(* Let $(N,{\mathcal{S}},K)$ be an instance of MaxCover with $|{\mathcal{S}}|=m\ge K$ sets, where every element of $N$ belongs to at least $p\ge1$ sets of ${\mathcal{S}}$. Then the greedy algorithm returns $K$ sets covering at least $\left(1-e^{-\max(pK/m,\,1)}\right)\cdot\mathrm{OPT}$ elements, where $\mathrm{OPT}$ is the maximum number of elements coverable by $K$ sets of ${\mathcal{S}}$.
   Context: The greedy algorithm: start with $C=\emptyset$; for $i=1,\dots,K$, add to $C$ a set $S\in{\mathcal{S}}\setminus C$ maximizing $|S\setminus\bigcup_{T\in C}T|$ (ties broken arbitrarily); return $C$. *)

From mathcomp Require Import all_boot.
From Stdlib Require Import Reals.

Set Implicit Arguments.
Unset Strict Implicit.
Unset Printing Implicit Defensive.

Section MaxCover.
Variable T : finType.

Definition cover_seq (C : seq {set T}) : {set T} := \bigcup_(A <- C) A.

Definition greedy_choice (S : {set {set T}}) (prev : seq {set T}) (A : {set T}) : bool :=
  [&& A \in S, A \notin prev &
   [forall B in S, (B \notin prev) ==>
      (#|B :\: cover_seq prev| <= #|A :\: cover_seq prev|)]].

(* C = [:: C_1; ...; C_K] is a possible output (run) of the greedy algorithm
   with K = size C iterations. *)
Definition greedy_run (S : {set {set T}}) (C : seq {set T}) : Prop :=
  forall i, i < size C -> greedy_choice S (take i C) (nth set0 C i).

Definition OPT (S : {set {set T}}) (K : nat) : nat :=
  \max_(D in powerset S | #|D| == K) #|\bigcup_(A in D) A|.

End MaxCover.

From mathcomp Require Import all_boot zify.
From Stdlib Require Import Reals Lra Psatz.

Set Implicit Arguments.
Unset Strict Implicit.
Unset Printing Implicit Defensive.

(* Let c_i be the set covered after i greedy steps and g_i = |c_i|.  The
   whole argument rests on one counting fact (greedy_progress): if every
   element of a target set U lies in at least q sets of a subfamily D of S,
   then the elements of U \ c_i can be charged to the gains of the sets of D,
   each of which is at most the gain of the greedy choice, so
        q * |U \ c_i| <= |D| * (g_{i+1} - g_i).
   With a = q/|D| this gives the recurrence a (|U| - g_i) <= g_{i+1} - g_i,
   which solves to g_K >= (1 - (1-a)^K) |U| >= (1 - e^{-aK}) |U|
   (deficit_recurrence, greedy_multicover_bound).
   The theorem follows from two instances:
   - U = N, D = S, q = p, giving ratio pK/m, together with OPT <= |N|;
   - U = an optimal union of K sets, D = those sets, q = 1, giving ratio 1. *)

Section Counting.
Variable T : finType.

Lemma card_setU_new (X A : {set T}) : #|X :|: A| = #|X| + #|A :\: X|.
Proof.
rewrite cardsU cardsD setIC.
have := subset_leq_card (subsetIl A X); lia.
Qed.

Lemma double_count (X : {set T}) (D : {set {set T}}) :
  \sum_(x in X) #|[set B in D | x \in B]| = \sum_(B in D) #|X :&: B|.
Proof.
have incidences (I : finType) (P Q : pred I) :
    #|[set y in P | Q y]| = \sum_(y in P) Q y.
  rewrite -sum1_card [LHS]big_mkcond [RHS]big_mkcond /=.
  by apply: eq_bigr => y _; rewrite inE; case: (y \in P); case: (Q y).
transitivity (\sum_(x in X) \sum_(B in D) (x \in B)).
  by apply: eq_bigr => x _; rewrite incidences.
rewrite exchange_big; apply: eq_bigr => B _.
by rewrite -incidences; congr #|_|; apply/setP => y; rewrite !inE.
Qed.

Lemma multicover_sum (U : {set T}) (D : {set {set T}}) (q : nat) :
  (forall x, x \in U -> q <= #|[set B in D | x \in B]|) ->
  q * #|U| <= \sum_(B in D) #|U :&: B|.
Proof.
move=> multU; rewrite -double_count -sum1_card big_distrr /=.
by apply: leq_sum => x xU; rewrite muln1 multU.
Qed.

End Counting.

Section Greedy.
Variables (T : finType) (S : {set {set T}}).

Lemma cover_rcons (s : seq {set T}) (A : {set T}) :
  cover_seq (rcons s A) = cover_seq s :|: A.
Proof. by rewrite /cover_seq big_rcons. Qed.

(* A greedy choice has maximal gain among all sets of S: a set that was
   already chosen has no gain at all. *)
Lemma greedy_gain_max (prev : seq {set T}) (A B : {set T}) :
  greedy_choice S prev A -> B \in S ->
  #|B :\: cover_seq prev| <= #|A :\: cover_seq prev|.
Proof.
case/and3P=> _ _ /forall_inP maxA BS.
have [Bprev | Bnew] := boolP (B \in prev); last exact: implyP (maxA B BS) Bnew.
suff -> : B :\: cover_seq prev = set0 by rewrite cards0.
by apply/eqP; rewrite setD_eq0 /cover_seq bigcup_seq (bigcup_sup B).
Qed.

(* The key step: the part of a q-fold covered target U not yet covered is
   paid for by the gains of the members of D, each bounded by the greedy gain. *)
Lemma greedy_progress (prev : seq {set T}) (A U : {set T})
    (D : {set {set T}}) (q : nat) :
  greedy_choice S prev A -> D \subset S ->
  (forall x, x \in U -> q <= #|[set B in D | x \in B]|) ->
  q * #|U :\: cover_seq prev| <= #|D| * #|A :\: cover_seq prev|.
Proof.
move=> greedyA DS multU; set c := cover_seq prev.
have multUc x : x \in U :\: c -> q <= #|[set B in D | x \in B]|.
  by rewrite inE => /andP[_ /multU].
apply: leq_trans (multicover_sum multUc) _.
rewrite -sum1_card big_distrl /=; apply: leq_sum => B BD; rewrite mul1n.
apply: leq_trans (greedy_gain_max greedyA (subsetP DS B BD)).
by apply: subset_leq_card; apply/subsetP => x; rewrite !inE => /andP[/andP[-> _] ->].
Qed.

Lemma greedy_run_step (C : seq {set T}) (i : nat) :
  greedy_run S C -> i < size C ->
  greedy_choice S (take i C) (nth set0 C i) /\
  #|cover_seq (take i.+1 C)|
    = #|cover_seq (take i C)| + #|nth set0 C i :\: cover_seq (take i C)|.
Proof.
move=> run iC; split; first exact: run.
by rewrite (take_nth set0 iC) cover_rcons card_setU_new.
Qed.

End Greedy.

Section Optimum.
Variables (T : finType) (S : {set {set T}}) (K : nat).

Lemma OPT_le_ground (N : {set T}) :
  (forall A, A \in S -> A \subset N) -> OPT S K <= #|N|.
Proof.
move=> SN; apply/bigmax_leqP => D /andP[]; rewrite powersetE => DS _.
by apply/subset_leq_card/bigcupsP => B BD; apply/SN/(subsetP DS).
Qed.

Lemma OPT_attained :
  K <= #|S| ->
  exists2 D : {set {set T}}, D \subset S /\ #|D| = K
                           & OPT S K = #|\bigcup_(A in D) A|.
Proof.
case/card_geqP=> s [uniq_s size_s sS].
have feasible : 0 < #|[pred D in powerset S | #|D| == K]|.
  apply/card_gt0P; exists [set A in s].
  rewrite !inE cardsE (card_uniqP uniq_s) size_s eqxx andbT.
  by apply/subsetP => A; rewrite inE => /sS.
have [D] := eq_bigmax_cond (fun D : {set {set T}} => #|\bigcup_(A in D) A|) feasible.
rewrite !inE => /andP[DS /eqP DK] optD.
by exists D => //; rewrite -optD.
Qed.

End Optimum.

Section Recurrence.
Local Open Scope R_scope.

Lemma one_minus_exp_nonneg (r : R) : 0 <= r -> 0 <= 1 - exp (- r).
Proof.
move=> r0; have [rpos | <-] := Rle_lt_or_eq_dec 0 r r0.
- have := exp_increasing (- r) 0; rewrite exp_0; lra.
- rewrite Ropp_0 exp_0; lra.
Qed.

(* (1 - a)^n <= e^{-an}, from 1 - a <= e^{-a}. *)
Lemma pow_one_minus_le_exp (a : R) (n : nat) :
  0 <= a <= 1 -> (1 - a) ^ n <= exp (- (a * INR n)).
Proof.
move=> a01; elim: n => [|n IH]; first by rewrite /= Rmult_0_r Ropp_0 exp_0; lra.
have -> : - (a * INR n.+1) = - a + - (a * INR n) by rewrite S_INR; ring.
rewrite exp_plus /=; apply: Rmult_le_compat => //.
- lra.
- by apply: pow_le; lra.
- by have := exp_ineq1_le (- a); lra.
Qed.

Lemma deficit_recurrence (g : nat -> R) (Q a : R) (K : nat) :
  0 <= a <= 1 -> g O = 0 -> 0 <= Q ->
  (forall i, (i < K)%nat -> a * (Q - g i) <= g i.+1 - g i) ->
  (1 - exp (- (a * INR K))) * Q <= g K.
Proof.
move=> a01 g0 Q0 step.
have deficit i : (i <= K)%nat -> Q - g i <= (1 - a) ^ i * Q.
  elim: i => [|i IH] iK; first by rewrite g0 /=; lra.
  have := step i iK; have := IH (ltnW iK) => IHi stepi.
  have : (1 - a) * (Q - g i) <= (1 - a) * ((1 - a) ^ i * Q).
    by apply: Rmult_le_compat_l; lra.
  rewrite /=; lra.
have := deficit K (leqnn K).
have : (1 - a) ^ K * Q <= exp (- (a * INR K)) * Q.
  by apply: Rmult_le_compat_r => //; apply: pow_one_minus_le_exp.
lra.
Qed.

End Recurrence.

Lemma greedy_multicover_bound (T : finType) (S D : {set {set T}})
    (U : {set T}) (q : nat) (C : seq {set T}) :
  greedy_run S C -> D \subset S -> 0 < q ->
  (forall x, x \in U -> q <= #|[set B in D | x \in B]|) ->
  ((1 - exp (- (INR q / INR #|D| * INR (size C)))) * INR #|U|
     <= INR #|cover_seq C|)%R.
Proof.
move=> run DS q_gt0 multU.
have [-> | [x0 x0U]] := set_0Vmem U.
  by rewrite cards0 /= Rmult_0_r; apply: pos_INR.
(* U is nonempty, so q <= |D| and the ratio a = q/|D| lies in [0, 1]. *)
have qD : q <= #|D|.
  apply: leq_trans (multU x0 x0U) (subset_leq_card _).
  by apply/subsetP => B; rewrite inE => /andP[].
have Dpos : (0 < INR #|D|)%R by apply: lt_0_INR; apply/ltP; exact: leq_trans qD.
set a := (INR q / INR #|D|)%R.
have aD : (a * INR #|D| = INR q)%R by rewrite /a; field; lra.
have qD_R : (INR q <= INR #|D|)%R by apply/le_INR/leP.
pose g i := INR #|cover_seq (take i C)|.
have <- : g (size C) = INR #|cover_seq C| by rewrite /g take_size.
apply: deficit_recurrence.
- split; last nra.
  by rewrite /a; apply: Rmult_le_pos; [apply: pos_INR | apply/Rlt_le/Rinv_0_lt_compat].
- by rewrite /g take0 /cover_seq big_nil cards0.
- exact: pos_INR.
- move=> i iC; have [greedy_i grow] := greedy_run_step run iC.
  have progress := greedy_progress greedy_i DS multU.
  have Ucovered : #|U| <= #|cover_seq (take i C)| + #|U :\: cover_seq (take i C)|.
    by rewrite -card_setU_new subset_leq_card // subsetUr.
  move: progress Ucovered => /leP/le_INR progress /leP/le_INR Ucovered.
  rewrite !mult_INR plus_INR in progress Ucovered.
  rewrite /g grow plus_INR.
  apply: (Rmult_le_reg_l (INR #|D|)) => //.
  rewrite -Rmult_assoc (Rmult_comm (INR #|D|)) aD.
  have : (0 <= INR q)%R by apply: pos_INR.
  nra.
Qed.

Lemma bigcup_multicover (T : finType) (D : {set {set T}}) (x : T) :
  x \in \bigcup_(A in D) A -> 0 < #|[set B in D | x \in B]|.
Proof.
by case/bigcupP=> B BD xB; apply/card_gt0P; exists B; rewrite inE BD.
Qed.

Theorem mainTheorem8 (T : finType) (N : {set T}) (S : {set {set T}})
    (K p : nat) (C : seq {set T}) :
  (forall A, A \in S -> A \subset N) ->
  K <= #|S| ->
  1 <= p ->
  (forall x, x \in N -> p <= #|[set A in S | x \in A]|) ->
  greedy_run S C ->
  size C = K ->
  ((1 - exp (- Rmax (INR p * INR K / INR #|S|) 1)) * INR (OPT S K)
     <= INR #|cover_seq C|)%R.
Proof.
move=> SN KS p_gt0 multN run sizeC.
set r := (INR p * INR K / INR #|S|)%R.
have [r_ge1 | r_lt1] := Rle_lt_dec 1 r.
- (* Many sets per point: compare with the whole ground set N. *)
  rewrite Rmax_left //.
  have S_pos : (0 < INR #|S|)%R.
    apply/lt_0_INR/ltP; case: posnP => // S0.
    have K0 : K = 0 by apply/eqP; rewrite -leqn0 -S0.
    by move: r_ge1; rewrite /r S0 K0 /= Rmult_0_r /Rdiv Rmult_0_l; lra.
  have := greedy_multicover_bound run (subxx S) p_gt0 multN.
  rewrite sizeC (_ : INR p / INR #|S| * INR K = r)%R; last by rewrite /r; field; lra.
  apply: Rle_trans; apply: Rmult_le_compat_l; first by apply: one_minus_exp_nonneg; lra.
  by apply/le_INR/leP/OPT_le_ground.
- (* Few sets per point: compare with an optimal solution, each of whose points is covered once. *)
  rewrite Rmax_right; last lra.
  have [D [DS DK] ->] := OPT_attained KS.
  have [K0 | K_gt0] := posnP K.
    rewrite (_ : D = set0) ?big_set0 ?cards0 /= ?Rmult_0_r; first exact: pos_INR.
    by apply: cards0_eq; rewrite DK.
  have := greedy_multicover_bound run DS (ltnSn 0) (@bigcup_multicover T D).
  have K_pos : (0 < INR K)%R by apply/lt_0_INR/ltP.
  by rewrite DK sizeC (_ : INR 1 / INR K * INR K = 1)%R //=; field; lra.
Qed.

What to work on —
Above are records; repeat only the lines starting at the line with "q * #|U :\: cover_seq" and ending at the line with "rewrite -sum1_card big_distrl", exactly as they appear, both included.

Written response —
  q * #|U :\: cover_seq prev| <= #|D| * #|A :\: cover_seq prev|.
Proof.
move=> greedyA DS multU; set c := cover_seq prev.
have multUc x : x \in U :\: c -> q <= #|[set B in D | x \in B]|.
  by rewrite inE => /andP[_ /multU].
apply: leq_trans (multicover_sum multUc) _.
rewrite -sum1_card big_distrl /=; apply: leq_sum => B BD; rewrite mul1n.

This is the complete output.